METHODS:OBJECTIVE:Postprandial dyslipidemia is a common feature of insulin resistant states and contributes to increased cardiovascular disease risk. Recently, bile acids have been recognized beyond their emulsification properties as important signaling molecules that promote energy expenditure, improve insulin sensitivity, and lower fasting lipemia. While bile acid receptors have become novel pharmaceutical targets, their effects on postprandial lipid metabolism remain unclear. Here we investigated the potential role of bile acids in regulation of postprandial chylomicron production and triglyceride excursion. Approach and Results: Healthy C57BL/6 mice were given an intraduodenal infusion of taurocholic acid (TA) under fat-loaded conditions and circulating lipids were measured. Targeting of bile acid receptors was achieved with GW4064, a synthetic agonist to the farnesoid X receptor (FXR), and with deoxycholic acid (DCA), an activator of the Takeda G-protein-coupled receptor 5. TA, GW4064, and DCA treatments all lowered postprandial lipemia.
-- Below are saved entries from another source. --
(* Let $K\in\{\mathbb R,\mathbb C,\mathbb H\}$ and let $(E,d)$ be a metric vector space over $K$ such that $d$ is $C_0$-translation invariant and $(C_1,C_2,C_3)$-lipschitz multiplicative. Let $d_0(x,y)=\int_{\mathbb U}d(ux,uy)\,d\mu(u)$ and $\delta_0(x,y)=\lim_{n\to\infty}\frac1n d_0(nx,ny)$. Then every set that is closed (resp. open) for $\delta_0$ is closed (resp. open) for $d$; that is, the topology generated by $d$ is finer than the topology generated by $\delta_0$.
   Context: A metric vector space is a topological vector space over $K$ whose topology is generated by the metric $d$. $\mathbb U=\{u\in K:|u|=1\}$, $\mu$ the right-invariant Haar probability measure on $\mathbb U$. $d$ is $C_0$-translation invariant if $d(x+z,y+z)\le d(x,y)+C_0$ for all $x,y,z$. $(C_1,C_2,C_3)$-lipschitz multiplicative ($C_1\ge1$, $C_2,C_3\ge0$) means $C_1^{-1}|\lambda|d(x,y)-C_2|\lambda|-C_3\le d(\lambda x,\lambda y)\le C_1|\lambda|d(x,y)+C_2|\lambda|+C_3$ for all $\lambda\in K$, $x,y\in E$. (Under these hypotheses the limit defining $\delta_0$ exists.) *)

From HB Require Import structures.
From mathcomp Require Import all_boot all_order all_algebra.
From mathcomp Require Import all_classical all_reals all_analysis.

Set Implicit Arguments.
Unset Strict Implicit.
Unset Printing Implicit Defensive.

Import Order.TTheory GRing.Theory Num.Theory.
Import numFieldNormedType.Exports.
Local Open Scope classical_set_scope.
Local Open Scope ring_scope.

Inductive Kkind := KR | KC | KH.

Record quat (R : Type) := Quat { q0 : R; q1 : R; q2 : R; q3 : R }.

Section Scalars.
Variable R : realType.

Definition Kcar (k : Kkind) : Type :=
  match k with KR => R | KC => (R * R)%type | KH => quat R end.

(* complex numbers a + b i as pairs (a, b) *)
Definition cadd (a b : R * R) : R * R := (a.1 + b.1, a.2 + b.2).
Definition csub (a b : R * R) : R * R := (a.1 - b.1, a.2 - b.2).
Definition cmul (a b : R * R) : R * R :=
  (a.1 * b.1 - a.2 * b.2, a.1 * b.2 + a.2 * b.1).
Definition cabs (a : R * R) : R := Num.sqrt (a.1 ^+ 2 + a.2 ^+ 2).

(* quaternions a0 + a1 i + a2 j + a3 k, Hamilton product *)
Definition qadd (a b : quat R) : quat R :=
  Quat (q0 a + q0 b) (q1 a + q1 b) (q2 a + q2 b) (q3 a + q3 b).
Definition qsub (a b : quat R) : quat R :=
  Quat (q0 a - q0 b) (q1 a - q1 b) (q2 a - q2 b) (q3 a - q3 b).
Definition qmul (a b : quat R) : quat R :=
  Quat (q0 a * q0 b - q1 a * q1 b - q2 a * q2 b - q3 a * q3 b)
       (q0 a * q1 b + q1 a * q0 b + q2 a * q3 b - q3 a * q2 b)
       (q0 a * q2 b - q1 a * q3 b + q2 a * q0 b + q3 a * q1 b)
       (q0 a * q3 b + q1 a * q2 b - q2 a * q1 b + q3 a * q0 b).
Definition qabs (a : quat R) : R :=
  Num.sqrt (q0 a ^+ 2 + q1 a ^+ 2 + q2 a ^+ 2 + q3 a ^+ 2).

Definition Kadd (k : Kkind) : Kcar k -> Kcar k -> Kcar k :=
  match k return Kcar k -> Kcar k -> Kcar k with
  | KR => fun a b : R => a + b | KC => cadd | KH => qadd end.
Definition Ksub (k : Kkind) : Kcar k -> Kcar k -> Kcar k :=
  match k return Kcar k -> Kcar k -> Kcar k with
  | KR => fun a b : R => a - b | KC => csub | KH => qsub end.
Definition Kmul (k : Kkind) : Kcar k -> Kcar k -> Kcar k :=
  match k return Kcar k -> Kcar k -> Kcar k with
  | KR => fun a b : R => a * b | KC => cmul | KH => qmul end.
Definition Kone (k : Kkind) : Kcar k :=
  match k return Kcar k with
  | KR => (1 : R) | KC => ((1 : R), (0 : R)) | KH => Quat 1 0 0 0 end.
Definition Kabs (k : Kkind) : Kcar k -> R :=
  match k return Kcar k -> R with
  | KR => fun a : R => `|a| | KC => cabs | KH => qabs end.

(** Integral against the (right-invariant) Haar probability measure mu on
    U = {u in K : |u| = 1}, written through explicit parametrisations:
    - K = R : U = {1, -1}, mu uniform;
    - K = C : U = unit circle, u = exp(2 pi i t), t uniform on [0,1];
    - K = H : U = S^3, u = (sqrt r cos 2pi s, sqrt r sin 2pi s,
              sqrt(1-r) cos 2pi t, sqrt(1-r) sin 2pi t), (r,s,t) uniform on
              [0,1]^3 (Hopf coordinates with r = sin^2 eta); the image measure
              is the normalised surface measure on S^3. *)
Definition lebR := (@lebesgue_measure R).
Definition I01 : set R := [set t | 0 <= t <= 1].

Definition Khaar (k : Kkind) : (Kcar k -> R) -> \bar R :=
  match k return (Kcar k -> R) -> \bar R with
  | KR => fun f => (((f 1 + f (-1)) / 2)%:E)%E
  | KC => fun f =>
      (\int[lebR]_(t in I01) (f (cos (2 * pi * t), sin (2 * pi * t)))%:E)%E
  | KH => fun f =>
      (\int[lebR]_(r in I01) \int[lebR]_(s in I01) \int[lebR]_(t in I01)
        (f (Quat (Num.sqrt r * cos (2 * pi * s)) (Num.sqrt r * sin (2 * pi * s))
                 (Num.sqrt (1 - r) * cos (2 * pi * t))
                 (Num.sqrt (1 - r) * sin (2 * pi * t))))%:E)%E
  end.

End Scalars.

Section MVS.
Variables (R : realType) (k : Kkind) (E : zmodType).
Variables (sc : Kcar R k -> E -> E) (d : E -> E -> R).

Definition is_metric :=
  [/\ forall x y, 0 <= d x y,
      forall x y, d x y = 0 <-> x = y,
      forall x y, d x y = d y x &
      forall x y z, d x z <= d x y + d y z].

Definition is_left_Kmodule :=
  [/\ forall a b x, sc (Kadd a b) x = sc a x + sc b x,
      forall a x y, sc a (x + y) = sc a x + sc a y,
      forall a b x, sc (Kmul a b) x = sc a (sc b x) &
      forall x, sc (Kone R k) x = x].

Definition is_tvs_for_metric :=
  (forall x y e, 0 < e -> exists2 del, 0 < del &
     forall x' y', d x' x < del -> d y' y < del -> d (x' + y') (x + y) < e) /\
  (forall a x e, 0 < e -> exists2 del, 0 < del &
     forall a' x', Kabs (Ksub a' a) < del -> d x' x < del ->
       d (sc a' x') (sc a x) < e).

Definition metric_vector_space := [/\ is_metric, is_left_Kmodule & is_tvs_for_metric].

Definition translation_invariant (C0 : R) :=
  forall x y z, d (x + z) (y + z) <= d x y + C0.

Definition lipschitz_multiplicative (C1 C2 C3 : R) :=
  [/\ 1 <= C1, 0 <= C2, 0 <= C3 &
   forall (l : Kcar R k) x y,
     C1^-1 * Kabs l * d x y - C2 * Kabs l - C3 <= d (sc l x) (sc l y) /\
     d (sc l x) (sc l y) <= C1 * Kabs l * d x y + C2 * Kabs l + C3].

Definition d0 (x y : E) : R := fine (Khaar (fun u => d (sc u x) (sc u y))).

Definition delta0 (x y : E) : R :=
  limn (fun n : nat => d0 (x *+ n) (y *+ n) / n%:R).

End MVS.

Definition mopen (T : Type) (R : realType) (m : T -> T -> R) (A : set T) :=
  forall x, A x -> exists2 e : R, 0 < e & forall y, m x y < e -> A y.
Definition mclosed (T : Type) (R : realType) (m : T -> T -> R) (A : set T) :=
  mopen m (~` A).

From HB Require Import structures.
From mathcomp Require Import all_boot all_order all_algebra.
From mathcomp Require Import all_classical all_reals all_analysis.
From mathcomp Require Import measurable_realfun.
From mathcomp Require Import ring lra.
Import Order.TTheory GRing.Theory Num.Theory.
Import numFieldNormedType.Exports.
Local Open Scope classical_set_scope.
Local Open Scope ring_scope.

Set Implicit Arguments.
Unset Strict Implicit.
Unset Printing Implicit Defensive.

(** The averaged distance satisfies [0 <= d0 x y <= C1 d(x,y) + C2 + C3], and
    [n |-> d0 (n x) (n y)] is subadditive up to the constant [2 C0] coming from
    translation invariance.  Fekete's lemma therefore gives, for every [m >= 1],
    [delta0 x y <= (C1 d(m x, m y) + C2 + C3 + 2 C0) / m].  Inside a
    [delta0]-ball of radius [e] around [x], choose [m] so large that the constant
    term is below [e/2]; continuity of [y |-> m y] for [d] then controls the
    first term.  Both properties of [d0] are pointwise inequalities integrated
    against the Haar measure, which is given as iterated integrals over [0,1] of
    functions that are continuous because [u |-> d(u x, u y)] is. *)

Local Notation int01 f := (Rintegral (@lebR _) (@I01 _) f).

Section IntegralOverUnitInterval.
Variable R : realType.
Implicit Types (f g h : R -> R) (c M : R).

Lemma I01_itv : @I01 R = `[0, 1]%classic.
Proof. by apply/seteqP; split => t /=; rewrite in_itv. Qed.

Lemma measurable_I01 : measurable (@I01 R).
Proof. by rewrite I01_itv; exact: measurable_itv. Qed.

Lemma lebR_I01 : @lebR R (@I01 R) = 1%E.
Proof. by rewrite I01_itv /lebR lebesgue_measure_itv /= lte01 oppr0 adde0. Qed.

Lemma int01_cst c : int01 (fun=> c) = c.
Proof.
rewrite Rintegral_cst; last exact: measurable_I01.
by rewrite (_ : fine _ = 1) ?mulr1 //; exact: (congr1 fine lebR_I01).
Qed.

Lemma integrable01 f M : continuous f -> (forall t, `|f t| <= M) ->
  (@lebR R).-integrable (@I01 R) (EFin \o f).
Proof.
move=> f_cont f_bound; apply: measurable_bounded_integrable.
- exact: measurable_I01.
- by change (@lebR R (@I01 R) < +oo)%E; rewrite lebR_I01 ltry.
- exact: measurable_funS (continuous_measurable_fun f_cont).
- exists M; split; first by rewrite num_real.
  by move=> y My x _; apply: le_trans (f_bound x) _; rewrite ltW.
Qed.

Lemma integrable01_cst c : (@lebR R).-integrable (@I01 R) (EFin \o fun=> c).
Proof. by apply: (integrable01 (M := `|c|)) => // t; exact: cvg_cst. Qed.

Section NonnegBoundedContinuous.
Variables (f : R -> R) (M : R).
Hypotheses (f_cont : continuous f) (f_bound : forall t, 0 <= f t <= M).

Lemma integrable01_nonneg : (@lebR R).-integrable (@I01 R) (EFin \o f).
Proof.
apply: (integrable01 (M := M)) => // t.
by case/andP: (f_bound t) => f0 fM; rewrite ger0_norm.
Qed.

Lemma int01_EFin : (\int[@lebR R]_(t in @I01 R) (f t)%:E)%E = (int01 f)%:E.
Proof.
rewrite /Rintegral fineK //.
by apply: integrable_fin_num; [exact: measurable_I01 | exact: integrable01_nonneg].
Qed.

Lemma int01_bound : 0 <= int01 f <= M.
Proof.
apply/andP; split; first by apply: Rintegral_ge0 => t _; case/andP: (f_bound t).
rewrite -[leRHS]int01_cst; apply: le_Rintegral.
- exact: measurable_I01.
- exact: integrable01_nonneg.
- exact: integrable01_cst.
- by move=> t _; case/andP: (f_bound t).
Qed.

End NonnegBoundedContinuous.

Lemma int01_le_add f g h c (Mf Mg Mh : R) :
  continuous f -> (forall t, 0 <= f t <= Mf) ->
  continuous g -> (forall t, 0 <= g t <= Mg) ->
  continuous h -> (forall t, 0 <= h t <= Mh) ->
  (forall t, f t <= g t + h t + c) ->
  int01 f <= int01 g + int01 h + c.
Proof.
move=> cf fM cg gM ch hM fgh.
have mI := @measurable_I01; have ic := integrable01_cst c.
have ig := integrable01_nonneg cg gM; have ih := integrable01_nonneg ch hM.
have igh : (@lebR R).-integrable (@I01 R) (EFin \o fun t => g t + h t).
  exact: (integrableD _ ig ih).
rewrite -[c in leRHS]int01_cst -!RintegralD //.
apply: le_Rintegral => //; first exact: integrable01_nonneg cf fM.
exact: (integrableD _ igh ic).
Qed.

Lemma continuous_int01 (h : R -> R -> R) M :
  (forall p t, 0 <= h p t <= M) ->
  (forall p, continuous (h p)) -> (forall t, continuous (h ^~ t)) ->
  continuous (fun p => int01 (h p)).
Proof.
move=> hM ch cht p.
apply: (@continuity_under_integral _ _ _ (@lebR R) h _ measurable_I01
  (p - 1) (p + 1) _ _ (fun=> M)).
- by move=> q _; exact: integrable01_nonneg (ch q) (hM q).
- by apply: aeW => t _ q _; exact: cht.
- exact: integrable01_cst.
- move=> q _; apply: aeW => t _.
  by case/andP: (hM q t) => h0 h1; rewrite ger0_norm.
- rewrite inE /= in_itv /=; apply/andP; split; lra.
Qed.

End IntegralOverUnitInterval.

Definition Kcont (R : realType) (k : Kkind) (f : Kcar R k -> R) :=
  forall u0 e, 0 < e -> exists2 del, 0 < del &
    forall u, Kabs (Ksub u u0) < del -> `|f u - f u0| < e.

Section SphereCoordinates.
Variable R : realType.
Implicit Types (a b c g : R -> R) (r s t : R).

Lemma Kcont_comp k (f : Kcar R k -> R) (psi : R -> Kcar R k) :
  Kcont f -> (forall v0, Kabs (Ksub (psi v) (psi v0)) @[v --> v0] --> 0) ->
  continuous (fun v => f (psi v)).
Proof.
move=> cf cpsi v0; apply/cvgrPdist_lt => e e0.
have [del del0 fdel] := cf (psi v0) e e0.
have /cvgrPdist_lt/(_ del del0) := cpsi v0.
apply: filterS => v; rewrite sub0r normrN distrC => /(le_lt_trans (ler_norm _)); exact: fdel.
Qed.

Lemma cvg_sqr_sub0 g v0 : {for v0, continuous g} ->
  (g v - g v0) ^+ 2 @[v --> v0] --> 0.
Proof.
move=> cg; have -> : 0 = (g v0 - g v0) ^+ 2 :> R by rewrite subrr expr0n.
rewrite expr2; under eq_fun do rewrite expr2.
by apply: cvgM; apply: cvgB => //; exact: cvg_cst.
Qed.

Lemma cvg_sqrt0 (F : R -> R) (v0 : R) : F v @[v --> v0] --> 0 ->
  Num.sqrt (F v) @[v --> v0] --> 0.
Proof. by rewrite -{2}sqrtr0; apply: continuous_cvg; exact: sqrt_continuous. Qed.

Lemma cabs_csub_cvg0 g1 g2 v0 :
  {for v0, continuous g1} -> {for v0, continuous g2} ->
  cabs (csub (g1 v, g2 v) (g1 v0, g2 v0)) @[v --> v0] --> 0.
Proof.
move=> c1 c2; apply: cvg_sqrt0; rewrite -[0]addr0.
by apply: cvgD; exact: cvg_sqr_sub0.
Qed.

Lemma qabs_qsub_cvg0 g1 g2 g3 g4 v0 :
  {for v0, continuous g1} -> {for v0, continuous g2} ->
  {for v0, continuous g3} -> {for v0, continuous g4} ->
  qabs (qsub (Quat (g1 v) (g2 v) (g3 v) (g4 v))
             (Quat (g1 v0) (g2 v0) (g3 v0) (g4 v0))) @[v --> v0] --> 0.
Proof.
move=> c1 c2 c3 c4; apply: cvg_sqrt0.
have -> : 0 = 0 + 0 + 0 + 0 :> R by rewrite !addr0.
by apply: cvgD; [apply: cvgD; [apply: cvgD|]|]; exact: cvg_sqr_sub0.
Qed.

Definition circle t : R * R := (cos (2 * pi * t), sin (2 * pi * t)).

Definition hopf_quat r s t : quat R :=
  Quat (Num.sqrt r * cos (2 * pi * s)) (Num.sqrt r * sin (2 * pi * s))
       (Num.sqrt (1 - r) * cos (2 * pi * t)) (Num.sqrt (1 - r) * sin (2 * pi * t)).

Definition clamp01 r : R := Num.max 0 (Num.min r 1).

Lemma cabs_circle t : cabs (circle t) = 1.
Proof. by rewrite /cabs /circle /= cos2Dsin2 sqrtr1. Qed.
FXR agonism also reduced intestinal triglyceride content and activity of microsomal triglyceride transfer protein, involved in chylomicron assembly. Importantly, TA effects (but not DCA) were largely lost in FXR knockout mice. These bile acid effects are reminiscent of the anti-diabetic hormone glucagon-like peptide-1 (GLP-1). While the GLP-1 receptor agonist exendin-4 retained its ability to acutely lower postprandial lipemia during bile acid sequestration and FXR deficiency, it did raise hepatic expression of the rate limiting enzyme for bile acid synthesis. CONCLUSIONS:Bile acid signaling may be an important mechanism of controlling dietary lipid absorption and bile acid receptors may constitute novel targets for the treatment of postprandial dyslipidemia.